Returning from the heights which bound Paris on the north, by the Rue du Faubourg Poissonnière, we find at the corner of this street and of the Rue Bergère the building in which has existed, since the Revolution, the National Conservatory of Music and Declamation. The great musical academy had its origin in a school of singing and declamation established in 1784 in order to prepare singers for the Opéra. To this institution was added in 1786 a school of dramatic declamation, which had the honour of producing Talma. But the Conservatory of Music, as it now exists, owes its organisation to the Revolution. Founded in virtue of a decree dated August 3rd, 1795, it had for its first director the illustrious Cherubini, who was replaced by Auber, to whom has succeeded M. Ambroise Thomas, the composer of Mignon and of Hamlet. The students are admitted by competition, and the teaching is gratuitous. Prizes are adjudged every year, and of these the most important is the so-called Prix de Rome, which enables its holder to study for a certain number of years in the great Italian city. The concerts of the Conservatoire are famous throughout Europe; and fortunate indeed is the visitor to Paris who can succeed in obtaining a place at concerts which are supported and attended exclusively (except, of course, in case of forced absence) by permanent subscribers. The orchestra which takes part in these concerts is of the finest quality, the principal instruments being all in the hands of the professors of the establishment—the first instrumentalists, that is to say, of France.

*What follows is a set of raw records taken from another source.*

Lemma Rabs_inv_INR_le_1 n : Rabs (/ INR n) <= 1.
Proof.
  destruct n as [|n]; [simpl; rewrite Rinv_0, Rabs_R0; lra|].
  assert (1 <= INR (S n)) by (apply (le_INR 1); lia).
  rewrite Rabs_right by (apply Rle_ge, Rlt_le, Rinv_0_lt_compat; lra).
  rewrite <- Rinv_1. apply Rinv_le_contravar; lra.
Qed.

Lemma eventually_div_pow_le K k eps : 0 < eps -> (1 <= k)%nat ->
  eventually (fun n => (1 <= n)%nat /\ K / INR n ^ k <= eps).
Proof.
  intros heps hk. destruct (INR_archimed eps K heps) as [N hN].
  exists (S N). intros n hn. split; [lia|].
  assert (hNn : INR N <= INR n) by (apply le_INR; lia).
  assert (hn1 : 1 <= INR n) by (apply (le_INR 1); lia).
  assert (hpow : INR n <= INR n ^ k) by (rewrite <- (pow_1 (INR n)) at 1; apply Rle_pow; lia || lra).
  apply Rle_div_l; [apply pow_lt; lra | nra].
Qed.

Section BackwardRecursion.

Variables (t : R) (a b : nat -> R) (m0 : nat).
Hypothesis ht : 1 < t.
Hypothesis hb : forall m, (m0 <= m)%nat -> 0 <= b (S m) <= b m.
Hypothesis hstep : forall m, (m0 <= m)%nat -> Rabs (a m - a (S m) / t) <= b m.

Lemma backward_recursion_unroll J m : (m0 <= m)%nat ->
  Rabs (a m) <= t / (t - 1) * b m + Rabs (a (m + J)%nat) / t ^ J.
Proof.
  revert m. induction J as [|J IH]; intros m hm.
  - rewrite Nat.add_0_r, pow_O, Rdiv_1_r.
    assert (0 <= b m) by (pose proof (hb m hm); lra).
    assert (0 <= t / (t - 1)) by (apply Rlt_le, Rdiv_lt_0_compat; lra).
    nra.
  - assert (hone : Rabs (a m) <= b m + Rabs (a (S m)) / t).
    { replace (a m) with ((a m - a (S m) / t) + a (S m) / t) at 1 by ring.
      eapply Rle_trans; [apply Rabs_triang|].
      unfold Rdiv at 2.
      rewrite Rabs_mult, (Rabs_right (/ t)) by (apply Rle_ge, Rlt_le, Rinv_0_lt_compat; lra).
      pose proof (hstep m hm). unfold Rdiv. lra. }
    pose proof (IH (S m) ltac:(lia)) as hrest.
    replace (S m + J)%nat with (m + S J)%nat in hrest by lia.
    pose proof (hb m hm).
    assert (hdiv : Rabs (a (S m)) / t
                   <= (t / (t - 1) * b m + Rabs (a (m + S J)%nat) / t ^ J) / t).
    { unfold Rdiv at 1 3. apply Rmult_le_compat_r; [apply Rlt_le, Rinv_0_lt_compat; lra|].
      eapply Rle_trans; [exact hrest|]. apply Rplus_le_compat_r, Rmult_le_compat_l; [|lra].
      apply Rlt_le, Rdiv_lt_0_compat; lra. }
    assert (heq : b m + (t / (t - 1) * b m + Rabs (a (m + S J)%nat) / t ^ J) / t
                  = t / (t - 1) * b m + Rabs (a (m + S J)%nat) / t ^ S J).
    { simpl pow. field. repeat split; try apply pow_nonzero; lra. }
    lra.
Qed.

Lemma backward_recursion_bound :
  is_lim_seq (fun k => a k / t ^ k) 0 ->
  forall m, (m0 <= m)%nat -> Rabs (a m) <= t / (t - 1) * b m.
Proof.
  intros ha m hm.
  assert (htail : is_lim_seq (fun J => Rabs (a (m + J)%nat) / t ^ J) 0).
  { apply is_lim_seq_ext with (fun J => t ^ m * Rabs (a (J + m)%nat / t ^ (J + m))).
    { intro J. rewrite Rabs_div, (Rabs_right (t ^ (J + m))), Nat.add_comm, pow_add
        by (try apply pow_nonzero; try apply Rle_ge, pow_le; lra).
      field. split; apply pow_nonzero; lra. }
    replace 0 with (t ^ m * 0) by ring.
    apply is_lim_seq_mult'; [apply is_lim_seq_const|]. apply (proj1 (is_lim_seq_abs_0 _)).
    exact (proj1 (is_lim_seq_incr_n _ m 0) ha). }
  pose proof (is_lim_seq_le _ _ (Rabs (a m)) (t / (t - 1) * b m + 0)
                (fun J => backward_recursion_unroll J m hm) (is_lim_seq_const _)
                (is_lim_seq_plus' _ _ _ _ (is_lim_seq_const _) htail)) as hle.
  simpl in hle. lra.
Qed.

End BackwardRecursion.

Lemma ln_mul_Rpower a b y : 0 < a -> ln (a * Rpower b y) = ln a + y * ln b.
Proof.
  intro ha. unfold Rpower. rewrite ln_mult, ln_exp; [reflexivity | exact ha | apply exp_pos].
Qed.

Lemma g_pos t n : 0 < g t n.
Proof.
  induction n as [|n IH]; cbn [g]; [lra|].
  apply Rmult_lt_0_compat; [apply lt_0_INR; lia | apply exp_pos].
Qed.

Lemma sigma_partial_pos t n : 0 < sigma_partial t n.
Proof.
  induction n as [|n IH]; cbn [sigma_partial]; [lra|].
  apply Rmult_lt_0_compat; [exact IH | apply exp_pos].
Qed.

Lemma ln_g_S t n : ln (g t (S n)) = ln (INR (S n)) + t * ln (g t n).
Proof. apply ln_mul_Rpower, lt_0_INR; lia. Qed.

Lemma ln_sigma_partial_S t n :
  ln (sigma_partial t (S n)) = ln (sigma_partial t n) + / t ^ S n * ln (INR (S n)).
Proof. apply ln_mul_Rpower, sigma_partial_pos. Qed.

Lemma ln_g t n : 1 < t -> ln (g t n) = t ^ n * ln (sigma_partial t n).
Proof.
  intro ht. induction n as [|n IH].
  - simpl. rewrite ln_1. ring.
  - rewrite ln_g_S, IH, ln_sigma_partial_S. simpl pow.
    field; repeat split; try apply pow_nonzero; lra.
Qed.

(* The second summand F n satisfies F n - F (n + 1) = (n + 1) / t ^ (n + 1) >= ln (n + 1) / t ^ (n + 1),
   so the bound telescopes. *)
Lemma ln_sigma_partial_le t n : 1 < t ->
  ln (sigma_partial t n) + (INR n + t / (t - 1)) / ((t - 1) * t ^ n) <= t / (t - 1) ^ 2.
Proof.
  intro ht. induction n as [|n IH].
  - simpl. rewrite ln_1. apply Req_le. field. lra.
  - assert (hln : ln (INR (S n)) <= INR (S n)).
    { pose proof (exp_ineq1_le (ln (INR (S n)))) as hexp.
      rewrite exp_ln in hexp by (apply lt_0_INR; lia). lra. }
    assert (htn : 0 < / t ^ S n) by (apply Rinv_0_lt_compat, pow_lt; lra).
    assert (hF : (INR n + t / (t - 1)) / ((t - 1) * t ^ n)
                 = / t ^ S n * INR (S n) + (INR (S n) + t / (t - 1)) / ((t - 1) * t ^ S n)).
    { rewrite S_INR. simpl pow. field; repeat split; try apply pow_nonzero; lra. }
    rewrite ln_sigma_partial_S. nra.
Qed.

Lemma sigma_partial_le_S t n : 1 < t -> sigma_partial t n <= sigma_partial t (S n).
Proof.
  intro ht. cbn [sigma_partial].
  rewrite <- (Rmult_1_r (sigma_partial t n)) at 1.
  apply Rmult_le_compat_l; [apply Rlt_le, sigma_partial_pos|].
  assert (0 <= / t ^ S n * ln (INR (S n))).
  { apply Rmult_le_pos; [apply Rlt_le, Rinv_0_lt_compat, pow_lt; lra|].
    rewrite <- ln_1. apply ln_le; [lra | apply (le_INR 1); lia]. }
  pose proof (exp_ineq1_le (/ t ^ S n * ln (INR (S n)))). unfold Rpower. lra.
Qed.

Lemma sigma_t_spec t : 1 < t -> 0 < sigma_t t /\ is_lim_seq (sigma_partial t) (sigma_t t).
Proof.
  intro ht.
  destruct (ex_finite_lim_seq_incr (sigma_partial t) (exp (t / (t - 1) ^ 2))) as [l hl].
  - intro n. apply sigma_partial_le_S, ht.
  - intro n. rewrite <- (exp_ln (sigma_partial t n)) by apply sigma_partial_pos.
    apply Rlt_le, exp_increasing.
    assert (0 < (INR n + t / (t - 1)) / ((t - 1) * t ^ n)).
    { pose proof (pos_INR n). apply Rdiv_lt_0_compat.
      - assert (0 < t / (t - 1)) by (apply Rdiv_lt_0_compat; lra). lra.
      - apply Rmult_lt_0_compat; [lra | apply pow_lt; lra]. }
    pose proof (ln_sigma_partial_le t n ht). lra.
  - assert (hs : sigma_t t = l) by (unfold sigma_t; rewrite (is_lim_seq_unique _ _ hl); reflexivity).
    rewrite hs. split; [|exact hl].
    assert (h1 : forall n, 1 <= sigma_partial t n).
    { induction n as [|n IH]; [simpl; lra|].
      eapply Rle_trans; [exact IH | apply sigma_partial_le_S, ht]. }
    pose proof (is_lim_seq_le _ _ 1 l h1 (is_lim_seq_const 1) hl) as hle. simpl in hle. lra.
Qed.

Lemma ln_sigma_partial_cvg t : 1 < t ->
  is_lim_seq (fun n => ln (sigma_partial t n)) (ln (sigma_t t)).
Proof.
  intro ht. destruct (sigma_t_spec t ht) as [hpos hlim].
  apply is_lim_seq_continuous; [|exact hlim].
  apply continuity_pt_filterlim, continuous_ln, hpos.
Qed.

Definition log_ratio t n :=
  t ^ n * (ln (sigma_t t) - ln (sigma_partial t n)) - ln (INR n) / (t - 1).

Lemma log_ratio_spec t n : 1 < t ->
  Rpower (sigma_t t) (t ^ n) * Rpower (INR n) (- / (t - 1)) = exp (log_ratio t n) * g t n.
Proof.
  intro ht. rewrite <- (exp_ln (g t n)) by apply g_pos.
  rewrite ln_g by lra. unfold Rpower, log_ratio. rewrite <- !exp_plus.
  f_equal. field. lra.
Qed.

Lemma log_ratio_rec t n : 1 < t -> (1 <= n)%nat ->
  log_ratio t n - log_ratio t (S n) / t = ln (1 + / INR n) / (t - 1).
Proof.
  intros ht hn. unfold log_ratio. rewrite ln_sigma_partial_S.
  assert (0 < INR n) by (apply lt_0_INR; lia).
  replace (1 + / INR n) with (INR (S n) * / INR n) by (rewrite S_INR; field; lra).
  rewrite ln_mult, ln_Rinv; [| lra | apply lt_0_INR; lia | apply Rinv_0_lt_compat; lra].
  simpl pow. field. repeat split; try apply pow_nonzero; lra.
Qed.

(* [ln n / t ^ n] is the increment of the convergent sequence [ln (sigma_partial t n)]. *)
Lemma log_ratio_div_pow_cvg t : 1 < t -> is_lim_seq (fun n => log_ratio t n / t ^ n) 0.
Proof.
  intro ht. pose proof (ln_sigma_partial_cvg t ht) as hL.
  assert (hln : is_lim_seq (fun n => ln (INR n) / t ^ n) 0).
  { apply is_lim_seq_incr_1.
    apply is_lim_seq_ext with (fun n => ln (sigma_partial t (S n)) - ln (sigma_partial t n)).
    { intro n. rewrite ln_sigma_partial_S. field. apply pow_nonzero. lra. }
    replace 0 with (ln (sigma_t t) - ln (sigma_t t)) by ring.
    apply is_lim_seq_minus'; [exact (proj1 (is_lim_seq_incr_1 _ _) hL) | exact hL]. }
  apply is_lim_seq_ext with
    (fun n => (ln (sigma_t t) - ln (sigma_partial t n)) - ln (INR n) / t ^ n * / (t - 1)).
  { intro n. unfold log_ratio. field. split; [lra | apply pow_nonzero; lra]. }
  replace 0 with ((ln (sigma_t t) - ln (sigma_t t)) - 0 * / (t - 1)) by ring.
  apply is_lim_seq_minus'.
  - apply is_lim_seq_minus'; [apply is_lim_seq_const | exact hL].
  - apply is_lim_seq_scal_r with (a := / (t - 1)) in hln. exact hln.
Qed.

Definition corr_c1 t := t / (1 - t) ^ 2.
Definition corr_c2 t := - (t * (t ^ 2 - t - 1) / (2 * (1 - t) ^ 4)).
Definition corr_c3 t := t * (2 * t ^ 4 + t ^ 3 - 11 * t ^ 2 + 7 * t + 2) / (6 * (1 - t) ^ 6).
Definition corr_poly t x := corr_c1 t * x + corr_c2 t * x ^ 2 + corr_c3 t * x ^ 3.

Lemma corr_corr_poly t n : 1 < t -> (1 <= n)%nat -> corr t n = corr_poly t (/ INR n).
Proof.
  intros ht hn. assert (0 < INR n) by (apply lt_0_INR; lia).
  unfold corr, corr_poly, corr_c1, corr_c2, corr_c3. field. repeat split; lra.
Qed.

(* [log_poly t] is both the cubic part of [ln (1 + corr_poly t x)] and the cubic solution of
   [P x - P (x / (1 + x)) / t = ln (1 + x) / (t - 1)] up to O(x^4); requiring the second
   determines [log_poly], and the first then determines the coefficients of [corr]. *)
Definition log_c2 t := corr_c2 t - corr_c1 t ^ 2 / 2.
Definition log_c3 t := corr_c3 t - corr_c1 t * corr_c2 t + corr_c1 t ^ 3 / 3.
Definition log_poly t x := corr_c1 t * x + log_c2 t * x ^ 2 + log_c3 t * x ^ 3.

Definition trunc_rem t x :=
  let a := corr_c1 t in let b := corr_c2 t in let c := corr_c3 t in
  - (b ^ 2 + 2 * a * c) / 2 - b * c * x - c ^ 2 * x ^ 2 / 2
  + (3 * a ^ 2 * b + (3 * a ^ 2 * c + 3 * a * b ^ 2) * x + (b ^ 3 + 6 * a * b * c) * x ^ 2
     + (3 * a * c ^ 2 + 3 * b ^ 2 * c) * x ^ 3 + 3 * b * c ^ 2 * x ^ 4 + c ^ 3 * x ^ 5) / 3.

Lemma ln1p_cubic_corr_poly t x :
  ln1p_cubic (corr_poly t x) - log_poly t x = x ^ 4 * trunc_rem t x.
Proof. unfold ln1p_cubic, corr_poly, log_poly, trunc_rem, log_c2, log_c3. field. Qed.

Definition rec_rem t x :=
  (/ 2 + x / 2 + x ^ 2 / 3) / (t - 1) - (corr_c1 t + 3 * log_c2 t + 3 * log_c3 t)
  - (log_c2 t + 3 * log_c3 t) * x - log_c3 t * x ^ 2.

Lemma log_poly_functional_eq t x : 1 < t -> 0 <= x ->
  ln1p_cubic x / (t - 1) + log_poly t (x / (1 + x)) / t - log_poly t x
  = x ^ 4 * rec_rem t x / (1 + x) ^ 3.
Proof.
  intros ht hx. unfold ln1p_cubic, log_poly, rec_rem, log_c2, log_c3, corr_c1, corr_c2, corr_c3.
  field. repeat split; lra.
Qed.

Lemma corr_poly_le t : exists K, forall x, Rabs x <= 1 -> Rabs (corr_poly t x) <= K * Rabs x.
Proof.
  eexists. intros x hx.
  replace (corr_poly t x) with ((corr_c1 t + corr_c2 t * x + corr_c3 t * x ^ 2) * x)
    by (unfold corr_poly; ring).
  rewrite Rabs_mult. apply Rmult_le_compat_r; [apply Rabs_pos | bound_Rabs].
Qed.

Lemma log_poly_bounded t : exists K, forall x, Rabs x <= 1 -> Rabs (log_poly t x) <= K.
Proof. eexists. intros x hx. unfold log_poly. bound_Rabs. Qed.

Lemma trunc_rem_bounded t : exists K, forall x, Rabs x <= 1 -> Rabs (trunc_rem t x) <= K.
Proof. eexists. intros x hx. unfold trunc_rem. cbv zeta. unfold Rdiv. bound_Rabs. Qed.

Lemma rec_rem_bounded t : exists K, forall x, Rabs x <= 1 -> Rabs (rec_rem t x) <= K.
Proof. eexists. intros x hx. unfold rec_rem, Rdiv. bound_Rabs. Qed.

Definition log_ratio_rem t n := log_ratio t n - log_poly t (/ INR n).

The Rue Laffitte, formerly known as the Rue d’Artois, by which, in the neighbourhood of the Conservatoire, one reaches the best part of the Boulevard, has, since the Revolution of 1830, borne the name of the celebrated banker and politician whose mansion was the rendezvous of the Opposition Deputies during the so-called “days of July.” {336} Laffitte is, in some sense, the hero of a charming tale published by the so-called Saint-Germain under the title of “Story of a Pin.” At the office of a Paris banker, a young man in search of employment has been refused by reason of there being no vacancy. As, however, he goes away in a dejected mood, he is seen to pick up a pin; and this indication of order and economy has such an effect upon the banker that he is called back and at once appointed to a supplementary chair. It is said that a friend of Laffitte’s, also out of employment, hearing of the success of this “pin trick,” as he termed it, resolved to try it himself. At the next office where he applied for a situation his conversation and general demeanour so pleased the principal that he was all but engaged, when, in order to determine the matter, he went through the gesture of picking up a pin—which he had held all the time between his fingers. “What was that?” asked the head of the firm. “A pin,” was the reply. “A pin?” repeated the principal. “A man who would take a pin out of my office would take a cheque. Good morning, sir.”